- **TASK DETAILS**
Among the entries that follow, the required portion opens with the line containing "- Derive phi c." and closes with the line containing "unfold mDplus. replace". Give that portion again exactly, and nothing else.
__________________________________________________
Lemma filterlim_mean_value (g : R -> R) (x : R) (D : R -> R -> R) :
  continuous g x ->
  (forall h y, 0 < h -> exists c, Rabs (c - y) <= h /\ D h y = g c) ->
  filterlim (fun hy : R * R => D (fst hy) (snd hy)) (mesh_to x) (locally (g x)).
Proof.
  intros Hg HD. apply filterlim_locally. intros eps.
  destruct (proj1 (filterlim_locally _ _) Hg eps) as [d Hd].
  assert (Hd2 : 0 < d / 2) by (pose proof (cond_pos d); lra).
  apply (Filter_prod _ _ _ (fun h => 0 < h < d / 2) (fun y => Rabs (y - x) < d / 2)).
  - exists (mkposreal _ Hd2). intros h Hh Hh0. change (Rabs (h - 0) < d / 2) in Hh.
    apply Rabs_def2 in Hh. simpl. lra.
  - exists (mkposreal _ Hd2). now intros y Hy.
  - intros h y [Hh Hhd] Hy. simpl. destruct (HD h y Hh) as [c [Hc ->]]. apply Hd.
    change (Rabs (c - x) < d).
    replace (c - x) with ((c - y) + (y - x)) by ring.
    eapply Rle_lt_trans; [apply Rabs_triang | lra].
Qed.

Lemma MVT_is_derive (f f' : R -> R) a b :
  (forall y, is_derive f y (f' y)) -> a <= b ->
  exists c, a <= c <= b /\ f b - f a = f' c * (b - a).
Proof.
  intros Hf Hab. destruct (MVT_gen f a b f') as [c [Hc E]].
  - intros y _. apply Hf.
  - intros y _. apply continuity_pt_filterlim, (@ex_derive_continuous R_AbsRing R_NormedModule).
    exists (f' y). apply Hf.
  - exists c. now rewrite Rmin_left, Rmax_right in Hc by lra.
Qed.

Section Differences.
Variable phi : R -> R.
Hypothesis Hphi : forall y, ex_derive phi y.
Hypothesis Hphi' : forall y, ex_derive (Derive phi) y.

Lemma Dminus_mean_value h y :
  0 < h -> exists c, Rabs (c - y) <= h /\ Dminus h phi y = Derive phi c.
Proof.
  intros Hh. destruct (MVT_is_derive phi (Derive phi) (y - h) y) as [c [Hc E]];
    [intros; apply Derive_correct, Hphi | lra |].
  exists c. split; [apply Rabs_le; lra|].
  unfold Dminus. rewrite E. field. lra.
Qed.

Lemma mDplus_mean_value h y :
  0 < h -> exists c, Rabs (c - y) <= h /\ mDplus h phi y = - Derive phi c.
Proof.
  intros Hh. destruct (MVT_is_derive phi (Derive phi) y (y + h)) as [c [Hc E]];
    [intros; apply Derive_correct, Hphi | lra |].
  exists c. split; [apply Rabs_le; lra|].
  unfold mDplus. replace (phi y - phi (y + h)) with (- (phi (y + h) - phi y)) by ring.
  rewrite E. field. lra.
Qed.

(* Mean value theorem for the increment [s |-> phi (s + h) - phi s], then for [Derive phi]. *)
Lemma uxx_mean_value h y :
  0 < h -> exists c, Rabs (c - y) <= h /\ uxx h phi y = Derive_n phi 2 c.
Proof.
  intros Hh.
  destruct (MVT_is_derive (fun s => phi (s + h) - phi s)
              (fun s => Derive phi (s + h) - Derive phi s) (y - h) y) as [c1 [Hc1 E1]];
    [intros s; auto_derive; [now split; [|split] | now rewrite !Rmult_1_l] | lra |].
  destruct (MVT_is_derive (Derive phi) (Derive (Derive phi)) c1 (c1 + h)) as [c2 [Hc2 E2]];
    [intros; apply Derive_correct, Hphi' | lra |].
  exists c2. split; [apply Rabs_le; lra|].
  unfold uxx. replace (y - h + h) with y in E1 by ring.
  replace (phi (y + h) - 2 * phi y + phi (y - h))
    with (Derive (Derive phi) c2 * (c1 + h - c1) * (y - (y - h))) by (rewrite <- E2; lra).
  change (Derive_n phi 2 c2) with (Derive (Derive phi) c2). field. lra.
Qed.

End Differences.

Section Consistency.
Variable phi : R -> R.
Hypothesis Hphi : smooth phi.
Variable x : R.

Let Hd1 y : ex_derive phi y := Hphi 1%nat y.
Let Hd2 y : ex_derive (Derive phi) y := Hphi 2%nat y.
Let Hd3 y : ex_derive (Derive (Derive phi)) y := Hphi 3%nat y.

Lemma lim_Dminus :
  filterlim (fun hy : R * R => Dminus (fst hy) phi (snd hy)) (mesh_to x)
    (locally (Derive phi x)).
Proof.
  apply (filterlim_mean_value _ x (fun h => Dminus h phi)); [|exact (Dminus_mean_value phi Hd1)].
  exact (@ex_derive_continuous R_AbsRing R_NormedModule _ _ (Hd2 x)).
Qed.

Lemma lim_mDplus :
  filterlim (fun hy : R * R => mDplus (fst hy) phi (snd hy)) (mesh_to x)
    (locally (- Derive phi x)).
Proof.
  apply (filterlim_mean_value (fun c => - Derive phi c) x (fun h => mDplus h phi));
    [|exact (mDplus_mean_value phi Hd1)].
  apply (continuous_opp (Derive phi)), (@ex_derive_continuous R_AbsRing R_NormedModule), Hd2.
Qed.

Lemma lim_opp_uxx :
  filterlim (fun hy : R * R => - uxx (fst hy) phi (snd hy)) (mesh_to x)
    (locally (- Derive_n phi 2 x)).
Proof.
  apply (filterlim_mean_value (fun c => - Derive_n phi 2 c) x (fun h y => - uxx h phi y)).
  - apply (continuous_opp (Derive (Derive phi))).
    apply (@ex_derive_continuous R_AbsRing R_NormedModule), Hd3.
  - intros h y Hh. destruct (uxx_mean_value phi Hd1 Hd2 h y Hh) as [c [Hc E]].
    exists c. now rewrite E.
Qed.

Lemma lim_abs_ux_plus :
  filterlim (fun hy : R * R => abs_ux_plus (fst hy) phi (snd hy)) (mesh_to x)
    (locally (Rabs (Derive phi x))).
Proof.
  replace (Rabs (Derive phi x)) with (Rmax (Rmax (- Derive phi x) (Derive phi x)) 0)
    by (unfold Rmax, Rabs; repeat destruct Rle_dec; destruct Rcase_abs; lra).
  apply lim_Rmax; [apply lim_Rmax; [exact lim_mDplus | exact lim_Dminus] | apply filterlim_const].
Qed.

Lemma lim_m_abs_ux_minus :
  filterlim (fun hy : R * R => m_abs_ux_minus (fst hy) phi (snd hy)) (mesh_to x)
    (locally (- Rabs (Derive phi x))).
Proof.
  replace (- Rabs (Derive phi x)) with (Rmin (Rmin (- Derive phi x) (Derive phi x)) 0)
    by (unfold Rmin, Rabs; repeat destruct Rle_dec; destruct Rcase_abs; lra).
  apply lim_Rmin; [apply lim_Rmin; [exact lim_mDplus | exact lim_Dminus] | apply filterlim_const].
Qed.

End Consistency.

Lemma negFe_consistent K L :
  0 <= K -> 0 <= L -> consistent (negFe K L) (fun u x => - F1D K L u x).
Proof.
  intros HK HL phi x Hphi. unfold negFe, F1D.
  rewrite <- Adelta_plus_minus_abs.
  apply lim_Rplus; apply (lim_Adelta K L HK HL).
  - apply lim_pos, lim_abs_ux_plus, Hphi.
  - apply lim_pos, lim_opp_uxx, Hphi.
  - apply lim_neg, lim_m_abs_ux_minus, Hphi.
  - apply lim_neg, lim_opp_uxx, Hphi.
Qed.

Definition negFe_diff (K L h a b : R) : R :=
  Adelta_plus K L (Rmax (Rmax (a / h) (b / h)) 0) ((a + b) / h ^ 2)
  + Adelta_minus K L (Rmin (Rmin (a / h) (b / h)) 0) ((a + b) / h ^ 2).

Lemma negFe_eq_diff K L h u x :
  negFe K L h u x = negFe_diff K L h (u x - u (x + h)) (u x - u (x - h)).
Proof.
  unfold negFe, negFe_diff, abs_ux_plus, m_abs_ux_minus, mDplus, Dminus, uxx.
  replace (- ((u (x + h) - 2 * u x + u (x - h)) / h ^ 2))
    with ((u x - u (x + h) + (u x - u (x - h))) / h ^ 2) by (unfold Rdiv; ring).
  reflexivity.
Qed.

Lemma negFe_diff_le K L h a b a' b' :
  0 <= K -> 0 <= L -> 0 < h -> a <= a' -> b <= b' ->
  negFe_diff K L h a b <= negFe_diff K L h a' b'.
Proof.
  intros HK HL Hh Ha Hb.
  assert (Hdiv : forall c c' k, 0 < k -> c <= c' -> c / k <= c' / k)
    by (intros; apply Rmult_le_compat_r; [apply Rlt_le, Rinv_0_lt_compat |]; assumption).
  assert (Hh2 : 0 < h ^ 2) by (apply pow_lt, Hh).
  apply Rplus_le_compat; [apply Adelta_plus_le | apply Adelta_minus_le]; auto;
    [apply Rle_max_compat_r, Rmax_le_compat | | apply Rle_min_compat_r, Rmin_le_compat | ];
    auto; apply Hdiv; lra.
Qed.

Lemma negFe_rv_eq_diff K L h x r v :
  h <> 0 -> negFe_rv K L h x r v = negFe_diff K L h (v (x + h)) (v (x - h)).
Proof.
  intros Hh. unfold negFe_rv. rewrite negFe_eq_diff.
  destruct (Req_EM_T x x) as [_ | []]; [|reflexivity].
  destruct (Req_EM_T (x + h) x), (Req_EM_T (x - h) x); try lra.
  f_equal; ring.
Qed.

Lemma negFe_elliptic K L : 0 <= K -> 0 <= L -> elliptic_scheme (negFe_rv K L).
Proof.
  intros HK HL h x r s v w Hh _ Hvw.
  rewrite !negFe_rv_eq_diff by lra.
  pose proof (Hvw 1%Z) as Hright. pose proof (Hvw (-1)%Z) as Hleft.
  replace (x + IZR 1 * h) with (x + h) in Hright by ring.
  replace (x + IZR (-1) * h) with (x - h) in Hleft by ring.
  now apply negFe_diff_le.
Qed.

Theorem mainTheorem7 (K L : R) (HK : 0 < K) (HL : 0 < L) :
  elliptic_scheme (negFe_rv K L)
  /\ consistent (negFe K L) (fun u x => - F1D K L u x).
Proof.
  split; [apply negFe_elliptic | apply negFe_consistent]; lra.
Qed.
__________________________________________________
- **RESPONSE TO THE TASK**
  0 < h -> exists c, Rabs (c - y) <= h /\ mDplus h phi y = - Derive phi c.
Proof.
  intros Hh. destruct (MVT_is_derive phi (Derive phi) y (y + h)) as [c [Hc E]];
    [intros; apply Derive_correct, Hphi | lra |].
  exists c. split; [apply Rabs_le; lra|].
  unfold mDplus. replace (phi y - phi (y + h)) with (- (phi (y + h) - phi y)) by ring.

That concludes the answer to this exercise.